Now tell us how a nice financial analyst and marketing
director like you wound up writing crime dramas?
Well, to start with, I’m just not that good at math. I can balance a fifty million dollar budget, but I can’t balance my checkbook. I went into aerospace marketing from finance, but when we moved to Tennessee, that all went away. And thank goodness it did. It wasn’t ever the right fit for me. I always had a little voice in the back of my head saying, “This isn’t what you’re meant to do. This isn’t right.” Turns out that was the Muse, calling me.
Well, to start with, I’m just not that good at math. I can balance a fifty million dollar budget, but I can’t balance my checkbook. I went into aerospace marketing from finance, but when we moved to Tennessee, that all went away. And thank goodness it did. It wasn’t ever the right fit for me. I always had a little voice in the back of my head saying, “This isn’t what you’re meant to do. This isn’t right.” Turns out that was the Muse, calling me.
I’ve always been
interested in forensics, and greatly admire our law enforcement and the FBI.
But it wasn’t until I read John Sandford’s Prey series that I knew I wanted to
write crime fiction. My earlier work is heavy on the violence, but I’ve moved
away from that into a more psychological suspense realm. It fits my personality
better, and wow, is it ever easier to talk about in public!
Researching novels must take a big chunk of time, how much time do you devote to research in your novels and what’s the farthest distance it took you.
I do a lot of research. I’ve spent time with Metro Nashville homicide, patrol, talked to the FBI at Quantico, bought more books than you can count, utilize the Internet to fill in the gaps. I do a lot on the fly, now, since I have most of the basics down pat. But I still need a few weeks of hunting and gathering per book to get my ducks in a row. The farthest afield I’ve gotten is autopsies. Four in one morning, and wow, does that change your perspective. It was at once both the most horrifying and most spiritual experience of my life. I dare anyone who doesn’t believe in some sort of higher power to attend an autopsy. There’s no question about the existence of the soul, because I’ll tell you, we all are the same inside.

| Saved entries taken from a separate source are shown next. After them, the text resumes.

(* Fix $m\in\mathbb N$ and $\xi\in\mathbb R^m$, and let $\rho=\sqrt{\log m+1}\,\|\xi\|$. For every integer $k\geq1$ with $k\geq 2m\rho$, $$\Big|\big(\widehat{e^{2\operatorname{Im}g_+}}\big)_k\Big|\leq 2e^{\rho}\frac{\rho^{\lceil k/m\rceil}}{\lceil k/m\rceil!}.$$
   Context: $g_+(\theta)=\sum_{j=1}^m\frac{\xi_j}{\sqrt j}e^{ij\theta}$, so $\operatorname{Im}g_+(\theta)=\sum_{j=1}^m\frac{\xi_j}{\sqrt j}\sin j\theta$. For a function $c$ on $[-\pi,\pi]$, $\hat c_k=\frac1{2\pi}\int_{-\pi}^{\pi}c(\theta)e^{-ik\theta}d\theta$. $\log$ is natural. *)

From Stdlib Require Import Reals Factorial.
From Coquelicot Require Import Coquelicot.
Open Scope R_scope.

(* xi : nat -> R, only the entries xi 1, ..., xi m are used (xi in R^m). *)

Definition xi_norm (m : nat) (xi : nat -> R) : R :=
  match m with
  | O => 0
  | S m' => sqrt (sum_f_R0 (fun i => (xi (S i)) ^ 2) m')
  end.

Definition Im_gplus (m : nat) (xi : nat -> R) (theta : R) : R :=
  match m with
  | O => 0
  | S m' => sum_f_R0 (fun i => xi (S i) / sqrt (INR (S i)) * sin (INR (S i) * theta)) m'
  end.

Definition cexpi (t : R) : C := (cos t, sin t).

Definition fourier_coef (c : R -> R) (k : Z) : C :=
  Cmult (RtoC (/ (2 * PI)))
    (RInt (V := C_R_CompleteNormedModule)
       (fun theta => Cmult (RtoC (c theta)) (cexpi (- (IZR k) * theta))) (- PI) PI).

Definition ceil_div (k m : nat) : nat := ((k + m - 1) / m)%nat.

From Stdlib Require Import Reals Factorial Lia Lra ZArith List.
From Coquelicot Require Import Coquelicot.
Open Scope R_scope.

(* Write m = m' + 1, c_j = xi_j / sqrt j, and split 2 Im g_+ = A + B with
     A(t) = sum_j (-i c_j) e^{ijt}   (frequencies 1..m),
     B(t) = sum_j ( i c_j) e^{-ijt}  (frequencies -m..-1),
   so |A|, |B| <= sum_j |c_j| <= rho by Cauchy-Schwarz and sum_j 1/j <= log m + 1.
   By the binomial formula, the degree-M Taylor polynomial of exp at A + B is
   sum_{a+b <= M} A^a/a! B^b/b!.  With N = ceil(k/m), the terms with a < N are
   trigonometric polynomials of top frequency a*m <= k - 1, hence have vanishing
   k-th Fourier coefficient; the terms with a >= N have modulus at most
   (sum_{a >= N} rho^a/a!) e^rho <= 2 e^rho rho^N/N! because 2 rho <= N; and the
   Taylor remainder is at most e^{2 rho} - sum_{n <= M} (2 rho)^n/n!, which tends
   to 0 as M grows. *)

(* Finite sums of complex numbers are Coquelicot's [sum_n] on [C]; these
   restatements fix the carrier to [C] so that [ring] applies to the results. *)

Lemma sum_n_C_shift (f : nat -> C) n :
  sum_n f (S n) = Cplus (f O) (sum_n (fun i => f (S i)) n).
Proof. unfold sum_n. rewrite sum_Sn_m, sum_n_m_S by lia. reflexivity. Qed.

Lemma sum_n_C_last (f : nat -> C) n : sum_n f (S n) = Cplus (sum_n f n) (f (S n)).
Proof. exact (sum_Sn (G := C_AbelianMonoid) f n). Qed.

Lemma sum_n_C_plus (f g : nat -> C) n :
  sum_n (fun i => Cplus (f i) (g i)) n = Cplus (sum_n f n) (sum_n g n).
Proof. exact (sum_n_plus (G := C_AbelianMonoid) f g n). Qed.

Lemma sum_n_C_mult_l (c : C) (f : nat -> C) n :
  sum_n (fun i => Cmult c (f i)) n = Cmult c (sum_n f n).
Proof. exact (sum_n_mult_l (K := C_Ring) c f n). Qed.

Lemma sum_n_C_ext (f g : nat -> C) n :
  (forall i, (i <= n)%nat -> f i = g i) -> sum_n f n = sum_n g n.
Proof. exact (sum_n_ext_loc (G := C_AbelianMonoid) f g n). Qed.

Lemma Cmod_sum_n (f : nat -> C) n : Cmod (sum_n f n) <= sum_f_R0 (fun i => Cmod (f i)) n.
Proof. rewrite <- sum_n_Reals. apply (norm_sum_n_m (V := C_NormedModule)). Qed.

Lemma RtoC_sum_f_R0 (f : nat -> R) n : RtoC (sum_f_R0 f n) = sum_n (fun i => RtoC (f i)) n.
Proof.
  induction n as [|n IH]; [now rewrite sum_O|].
  rewrite sum_n_C_last, <- IH. apply RtoC_plus.
Qed.

Definition exp_coef (x : R) (n : nat) : R := x ^ n / INR (fact n).

Definition exp_partial (x : R) (M : nat) : R := sum_f_R0 (exp_coef x) M.

Lemma exp_coef_nonneg r n : 0 <= r -> 0 <= exp_coef r n.
Proof.
  intros Hr. unfold exp_coef. apply Rmult_le_pos; [apply pow_le, Hr|].
  apply Rlt_le, Rinv_0_lt_compat, INR_fact_lt_0.
Qed.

Were you a reader, are you now, what are some of your
favorite authors
I’m a huge reader, always have been. My list is too long to give justice, so I’ll give my inspirations instead: John Sandford, who inspired the Taylor Jackson series, John Connolly, who inspired my ever-evolving writing style, Lee Child, who’s friendship and guidance has been invaluable. The thriller chicks: Catherine Coulter, Tess Gerritsen, Erica Spindler, Alex Kava, Karin Slaughter and Allison Brennan, for showing me how not to compromise my subject matter just because I’m a woman. Diana Gabaldon, for teaching me how to create worlds. J.K. Rowling, for teaching me to follow my heart. Sharon Penman, Karleen Koen, Danielle Steele and Mary Stewart, for helping me move from children’s books to adult books (ie: teaching me the differences between love, romance and sex. I guess I better include Judy Blume’s FOREVER in there too, for that very reason.) Ayn Rand’s ANTHEM changed my life, Book VII of Plato’s REPUBLIC got me into graduate school, and my all-time favorite, LOLITA, by Vladimir Nabokov, showed me it’s possible to have lovable monsters.

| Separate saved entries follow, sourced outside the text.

Lemma Nat_powE m e : Nat.pow m e = expn m e.
Proof. by elim: e => //= e ->; rewrite expnS. Qed.

Lemma ln_le x y : (0 < x)%R -> (x <= y)%R -> (ln x <= ln y)%R.
Proof.
move=> x_gt0 /Rle_lt_or_eq_dec [lt_xy | ->]; last exact: Rle_refl.
exact/Rlt_le/ln_increasing.
Qed.

Lemma ln2_lt1 : (ln 2 < 1)%R.
Proof.
rewrite -[X in (_ < X)%R](ln_exp 1); apply: ln_increasing; first lra.
by have := exp_ineq1 1 R1_neq_R0; lra.
Qed.

Lemma exists_nat_floor x : (0 <= x)%R -> exists B : nat, (INR B <= x < INR B + 1)%R.
Proof.
move=> x_ge0; have floor_ge0 : (0 <= Zfloor x)%Z by apply: Zfloor_lub.
exists (Z.to_nat (Zfloor x)); rewrite INR_IZR_INZ Znat.Z2Nat.id //; exact: Zfloor_bound.
Qed.

Lemma exists_nat_gt x : exists m : nat, (x < INR m)%R.
Proof. by have [m] := INR_archimed 1 x Rlt_0_1; rewrite Rmult_1_r; exists m. Qed.

Lemma cost_le_of_Rpower c k m M (K delta : R) : (0 < c)%N -> (0 < k)%N ->
  (delta > 1 / INR c)%R -> (K <= INR M)%R -> (0 < K)%R ->
  (INR m <= K * Rpower (INR (Nat.pow k c)) (1 - delta))%R -> (m <= M * expn k (c - 1))%N.
Proof.
move=> c_gt0 k_gt0 delta_gt K_le K_gt0 m_le.
have k_ge1 : (1 <= INR k)%R by apply: (le_INR 1); apply/leP.
have [c' cE] : exists c', c = c'.+1 by exists c.-1; rewrite prednK.
have c_pos : (0 < INR c)%R by apply/lt_0_INR/ltP.
have Rpower_le : (Rpower (INR (Nat.pow k c)) (1 - delta) <= INR k ^ c')%R.
  rewrite pow_INR.
  apply: Rle_trans (_ : (Rpower (INR k ^ c) (1 - / INR c) <= _)%R).
    by apply: Rle_Rpower; [exact: pow_R1_Rle | move: delta_gt; rewrite /Rdiv Rmult_1_l; lra].
  rewrite -Rpower_pow ?Rpower_mult; last lra.
  have -> : (INR c * (1 - / INR c) = INR c')%R by rewrite cE S_INR; field; rewrite -S_INR -cE; lra.
  by rewrite Rpower_pow; [exact: Rle_refl | lra].
apply/leP/INR_le; rewrite cE subSS subn0 -multE mult_INR -Nat_powE pow_INR.
apply: (Rle_trans _ _ _ m_le); apply: Rle_trans (_ : (K * INR k ^ c' <= _)%R).
  by apply: Rmult_le_compat_l; lra.
by apply: Rmult_le_compat_r; [apply: pow_le; lra | lra].
Qed.

Lemma ln_bound_of_expn_le k n B : (0 < k)%N -> (0 < n)%N -> (48 < ln (INR k))%R ->
  (expn k n <= expn 2 (16 * n + 8 * B))%N -> (INR n * ln (INR k) / 16 < INR B)%R.
Proof.
move=> k_gt0 n_gt0 lnk_gt kn_le.
have k_pos : (0 < INR k)%R by apply/lt_0_INR/ltP.
have n_pos : (0 < INR n)%R by apply/lt_0_INR/ltP.
have B_ge0 := pos_INR B.
have ln_le2 : (INR n * ln (INR k) <= (16 * INR n + 8 * INR B) * ln 2)%R.
  have := le_INR _ _ (elimT leP kn_le); rewrite -!Nat_powE !pow_INR => pow_le.
  have two_pos : (0 < INR 2)%R by rewrite /=; lra.
  have := ln_le (pow_lt _ _ k_pos) pow_le; rewrite !ln_pow //.
  by rewrite -plusE -!multE plus_INR !mult_INR /=; replace (1 + 1)%R with 2%R; lra.
have ln2_bound : ((16 * INR n + 8 * INR B) * ln 2 < 16 * INR n + 8 * INR B)%R.
  by rewrite -[X in (_ < X)%R]Rmult_1_r; apply: Rmult_lt_compat_l; [lra | exact: ln2_lt1].
have : (INR n * 48 < INR n * ln (INR k))%R by apply: Rmult_lt_compat_l.
lra.
Qed.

I’m a huge reader, always have been. My list is too long to give justice, so I’ll give my inspirations instead: John Sandford, who inspired the Taylor Jackson series, John Connolly, who inspired my ever-evolving writing style, Lee Child, who’s friendship and guidance has been invaluable. The thriller chicks: Catherine Coulter, Tess Gerritsen, Erica Spindler, Alex Kava, Karin Slaughter and Allison Brennan, for showing me how not to compromise my subject matter just because I’m a woman. Diana Gabaldon, for teaching me how to create worlds. J.K. Rowling, for teaching me to follow my heart. Sharon Penman, Karleen Koen, Danielle Steele and Mary Stewart, for helping me move from children’s books to adult books (ie: teaching me the differences between love, romance and sex. I guess I better include Judy Blume’s FOREVER in there too, for that very reason.) Ayn Rand’s ANTHEM changed my life, Book VII of Plato’s REPUBLIC got me into graduate school, and my all-time favorite, LOLITA, by Vladimir Nabokov, showed me it’s possible to have lovable monsters.

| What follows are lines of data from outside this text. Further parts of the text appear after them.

Lemma qmutual_info_measureB_uniform :
  (forall y, \sum_x psi (x, y) * (psi (x, y))^* = p%:C) ->
  qmutual_info (measureB (proj psi)) = vN_entropy (ptraceB (proj psi)).
Proof.
move=> marginal.
have card_p : #|Y|%:R * p = 1.
  apply: (@complexI R); rewrite rmorph1 -[RHS]psi_normed sum_pair exchange_big.
  by rewrite (eq_bigr _ (fun y _ => marginal y)) sumr_const rmorphM rmorph_nat mulr_natl.
rewrite /qmutual_info (vN_entropy_dephase (lab := snd) (p := p) psi_normed); last first.
  by move=> y; rewrite sum_snd marginal.
rewrite (@eq_vN_entropy _ (ptraceA _) (fun y y' => if y == y' then p%:C else 0)); last first.
  move=> y y'; rewrite /ptraceA /measureB /proj /=.
  by case: eqP => [<-|_]; [rewrite marginal|rewrite big1].
rewrite vN_entropy_uniform_diag //.
rewrite (@eq_vN_entropy _ (ptraceB _) (ptraceB (proj psi))); last first.
  by move=> x x'; apply: eq_bigr => y _; rewrite /measureB eqxx.
by rewrite RminusE RplusE; lra.
Qed.

End UniformMarginal.

Section FourLevelState.
Variables (T Z : finType) (f : T -> Z -> R[i]) (rho : op T).
Hypotheses (card4 : #|T| = 4) (rho_gram : rho =2 gram f).

Local Notation K := (opaffine 1 4^-1 rho).

Let moment_eq k (m : R) :
  \tr (opmx K ^+ k) = m%:C -> \sum_i (eigval rho i - 4^-1) ^+ k = m.
Proof.
move=> tr_m; apply: (@complexI R).
by rewrite (eigval_moment rho_gram) realC_invn.
Qed.

Let card_spectrum : #|'I_#|T| | = 4.
Proof. by rewrite card_ord. Qed.

Hypotheses (K_tr : \sum_t K t t = 0) (K_tr2 : \sum_t opmul K K t t = 8^-1).

Let moment1 : \sum_i (eigval rho i - 4^-1) = 0.
Proof.
have := @moment_eq 1 0; rewrite expr1 mxtrace_opmx rmorph0 => /(_ K_tr).
by under eq_bigr do rewrite expr1.
Qed.

Let moment2 : \sum_i (eigval rho i - 4^-1) ^+ 2 = 8^-1.
Proof. by apply: moment_eq; rewrite opmx_expr2 mxtrace_opmx realC_invn. Qed.

Lemma vN_entropy_ge_three_halves (Z' : finType) (f' : T -> Z' -> R[i]) :
  opaffine (-1) (- 2^-1) rho =2 gram f' ->
  \sum_t opmul (opmul K K) K t t = 0 -> 3 / 2 <= vN_entropy rho.
Proof.
move=> upper_gram K_tr3.
apply: (sum_neg_eta_ge card_spectrum _ moment1 moment2) => [i|]; last first.
  by apply: moment_eq; rewrite opmx_expr3 mxtrace_opmx rmorph0.
rewrite (eigval_ge0 rho_gram) /=.
have E : -1 *: opmx rho - (- 2^-1)%:M = opmx (gram f').
  by rewrite opmx_affine (eq_opmx upper_gram).
have := spectral_affine_ge0 (opmx_gram_herm rho_gram) (etrans E (opmx_gram f')) i.
by rewrite (eigvalE rho_gram) mulN1r opprK addrC -realC_invn -rmorphB ler0c subr_ge0.
Qed.

Lemma vN_entropy_eq_three_halves :
  opmul (opmul K K) K =2 (fun x y => 16^-1 * K x y) -> vN_entropy rho = 3 / 2.
Proof.
move=> K_cube; rewrite /vN_entropy.
apply: (sum_neg_eta_eq card_spectrum _ moment1 moment2) => i.
have := spectral_affine_expn_eq (opmx_gram_herm rho_gram) (a := 1) (b := 4^-1) (k := 3) (e := 16^-1).
rewrite opmx_affine opmx_expr3 opmx_scale => /(_ (eq_opmx K_cube) i).
rewrite (eigvalE rho_gram) mul1r -!realC_invn -rmorphB -rmorphXn -rmorphM.
exact: complexI.
Qed.

End FourLevelState.

(** * Regular embeddings of oblivious transfer *)

Section RegularEmbedding.
Variables (X Y : finType) (P : X -> Y -> R) (theta : X -> Y -> R).
Local Notation psi := (regular_embedding P theta).
Local Notation phase x y := ((cos (theta x y) +i* sin (theta x y))%C : R[i]).

Lemma phase_unit x y : phase x y * (phase x y)^* = 1.
Proof.
rewrite /Num.conj /=; apply/eqP; rewrite eq_complex /=; apply/andP; split; apply/eqP.
  by have := sin2_cos2 (theta x y); rewrite /Rsqr RplusE !RmultE R1E; lra.
by rewrite mulrN mulrC addNr.
Qed.

Lemma regular_embedding_mulC x y x' y' :
  psi (x, y) * (psi (x', y'))^* =
  phase x y * (phase x' y')^* * (sqrt (P x y) * sqrt (P x' y'))%:C.
Proof. by rewrite /regular_embedding /= rmorphM /= conj_realC mulrACA -rmorphM. Qed.

Lemma regular_embedding_norm2 x y : 0 <= P x y -> psi (x, y) * (psi (x, y))^* = (P x y)%:C.
Proof.
move=> /RleP P_ge0.
by rewrite regular_embedding_mulC phase_unit mul1r -RmultE sqrt_sqrt.
Qed.

End RegularEmbedding.

Definition ot_valid (x y : bool * bool) : bool := y.2 == (if y.1 then x.2 else x.1).

Lemma P_OTE x y : P_OT x y = if ot_valid x y then 8^-1 else 0.
Proof. by rewrite /P_OT /ot_valid mul1r. Qed.

Lemma P_OT_ge0 x y : 0 <= P_OT x y.
Proof. by rewrite P_OTE; case: ifP => _; rewrite ?invr_ge0. Qed.

Lemma sum_bool2 (V : nmodType) (F : bool * bool -> V) :
  \sum_t F t = F (true, true) + F (true, false) + F (false, true) + F (false, false).
Proof. by rewrite sum_pair !big_bool /= addrA. Qed.

Lemma marg1_P_OT x : marg1 P_OT x = 4^-1.
Proof. by rewrite /marg1 sum_bool2 !P_OTE; case: x => [[] []] /=; field. Qed.

Lemma marg2_P_OT y : marg2 P_OT y = 4^-1.
Proof. by rewrite /marg2 sum_bool2 !P_OTE; case: y => [[] []] /=; field. Qed.

Lemma mutual_info_P_OT : mutual_info P_OT = 1.
Proof.
have eta4 : Defs.eta 4^-1 = - 2^-1.
  by rewrite (_ : 4 = 2 ^+ 2) ?eta_exp2N -?natrX //; field.
have eta8 : Defs.eta 8^-1 = - (3 / 8).
  by rewrite (_ : 8 = 2 ^+ 3) ?eta_exp2N -?natrX //; field.
rewrite /mutual_info /shannon RminusE RplusE !RoppE.
rewrite (eq_bigr (fun _ => - 2^-1)) => [|x _]; last by rewrite marg1_P_OT eta4.
rewrite [X in _ + - X - _](eq_bigr (fun _ => - 2^-1)) => [|y _]; last by rewrite marg2_P_OT eta4.
rewrite !sumr_const card_prod card_bool sum_pair !sum_bool2 !P_OTE /= eta0 eta8.
lra.
Qed.

Section OTEmbedding.
Variable theta : bool * bool -> bool * bool -> R.
Local Notation psi := (regular_embedding P_OT theta).
Local Notation phase x y := ((cos (theta x y) +i* sin (theta x y))%C : R[i]).
Local Notation rhoA := (ptraceB (proj psi)).
Local Notation rhoB := (ptraceA (proj psi)).
Local Notation K := (opaffine 1 4^-1 rhoB).

Lemma OT_embedding_marg1 x : \sum_y psi (x, y) * (psi (x, y))^* = (4^-1)%:C.
Proof.
under eq_bigr do rewrite regular_embedding_norm2 ?P_OT_ge0 //.
by rewrite -rmorph_sum -(marg1_P_OT x).
Qed.

Lemma OT_embedding_marg2 y : \sum_x psi (x, y) * (psi (x, y))^* = (4^-1)%:C.
Proof.
under eq_bigr do rewrite regular_embedding_norm2 ?P_OT_ge0 //.
by rewrite -rmorph_sum -(marg2_P_OT y).
Qed.

Lemma OT_embedding_normed : \sum_t psi t * (psi t)^* = 1.
Proof.
rewrite sum_pair (eq_bigr _ (fun x _ => OT_embedding_marg1 x)) sumr_const card_prod card_bool.
by rewrite realC_invn; field.
Qed.

Lemma qmutual_info_measureA_OT : qmutual_info (measureA (proj psi)) = vN_entropy rhoB.
Proof. exact: qmutual_info_measureA_uniform OT_embedding_normed OT_embedding_marg1. Qed.

Lemma qmutual_info_measureB_OT : qmutual_info (measureB (proj psi)) = vN_entropy rhoA.
Proof. exact: qmutual_info_measureB_uniform OT_embedding_normed OT_embedding_marg2. Qed.

Lemma OT_embedding_mulC x a x' b :
  psi (x, a) * (psi (x', b))^* =
  if ot_valid x a && ot_valid x' b then 8^-1 * (phase x a * (phase x' b)^*) else 0.
Proof.
rewrite regular_embedding_mulC !P_OTE.
have sqrt0 : sqrt 0 = 0 := sqrt_0.
case: (ot_valid x a); case: (ot_valid x' b) => /=; last 3 first.
- by rewrite sqrt0 mulr0 rmorph0 mulr0.
- by rewrite sqrt0 mul0r rmorph0 mulr0.
- by rewrite sqrt0 mul0r rmorph0 mulr0.
have inv8_ge0 : 0 <= 8^-1 :> R by rewrite invr_ge0.
by rewrite -RmultE sqrt_sqrt; [rewrite realC_invn mulrC | exact/RleP].
Qed.

Lemma rhoB_diag a : rhoB a a = 4^-1.
Proof. by rewrite -realC_invn -(OT_embedding_marg2 a). Qed.

Lemma rhoB_same_choice a b : a.1 = b.1 -> a != b -> rhoB a b = 0.
Proof.
case: a b => [c y] [c' y'] /= <- yy'; apply: big1 => x _.
rewrite /proj OT_embedding_mulC /ot_valid /=.
by case: eqP => [yE|//]; case: eqP => [y'E|//]; rewrite yE y'E eqxx in yy'.
Qed.

Lemma rhoB_cross a b : a.1 != b.1 -> rhoB a b * rhoB b a = 64^-1.
Proof.
have split_phases (u v : R[i]) :
  8^-1 * (u * v^*) * (8^-1 * (v * u^*)) = 64^-1 * (u * u^*) * (v * v^*) by field.
case: a b => [[] []] [[] []] //= _; rewrite /ptraceA /proj !sum_bool2 !OT_embedding_mulC /=;
  by rewrite ?add0r ?addr0 split_phases !phase_unit !mulr1.
Qed.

Walk us through a typical day in the life of JT Ellison
It depends a bit on how far into a project I am - the closer to deadline there’s less business and more writing - but the bones are the same: I get up around 8-8:30 (a luxury, definitely, but if I don’t sleep a lot, I don’t work) check my email, maybe do a quick run through the news or my social networks, make a cup of tea, then get to it. I used to write from 12-4, but I’ve flipped my day: now I wrote from 9:30 – 11:30 or 12, take a lunch break, then either read or write from 1:00 – 3:00, when I go to Yoga, or take a walk. I intersperse all of that with mini breaks to go online. I wish I could just cut myself off completely, and I do many days, using Freedom to turn off my Internet in 120 minute chunks. It’s a bastardization of the Pomodorian method of productivity. But I like to sneak online and check things out. Sometime in the afternoon slot I’ll put together a blog if the spirit strikes me, to be posted the following morning. After yoga I work until my husband comes home, mostly business stuff, then we eat, watch TV, read, crash and start all over. I work 6 days a week, try very hard to take either Saturday or Sunday off. But rarely both. 1000 words a day is my goal. I must average that, or I get really cranky. When I’m closing in on a deadline, that can rise to an average of 4000-7000 per day. (1000 words is about five pages…)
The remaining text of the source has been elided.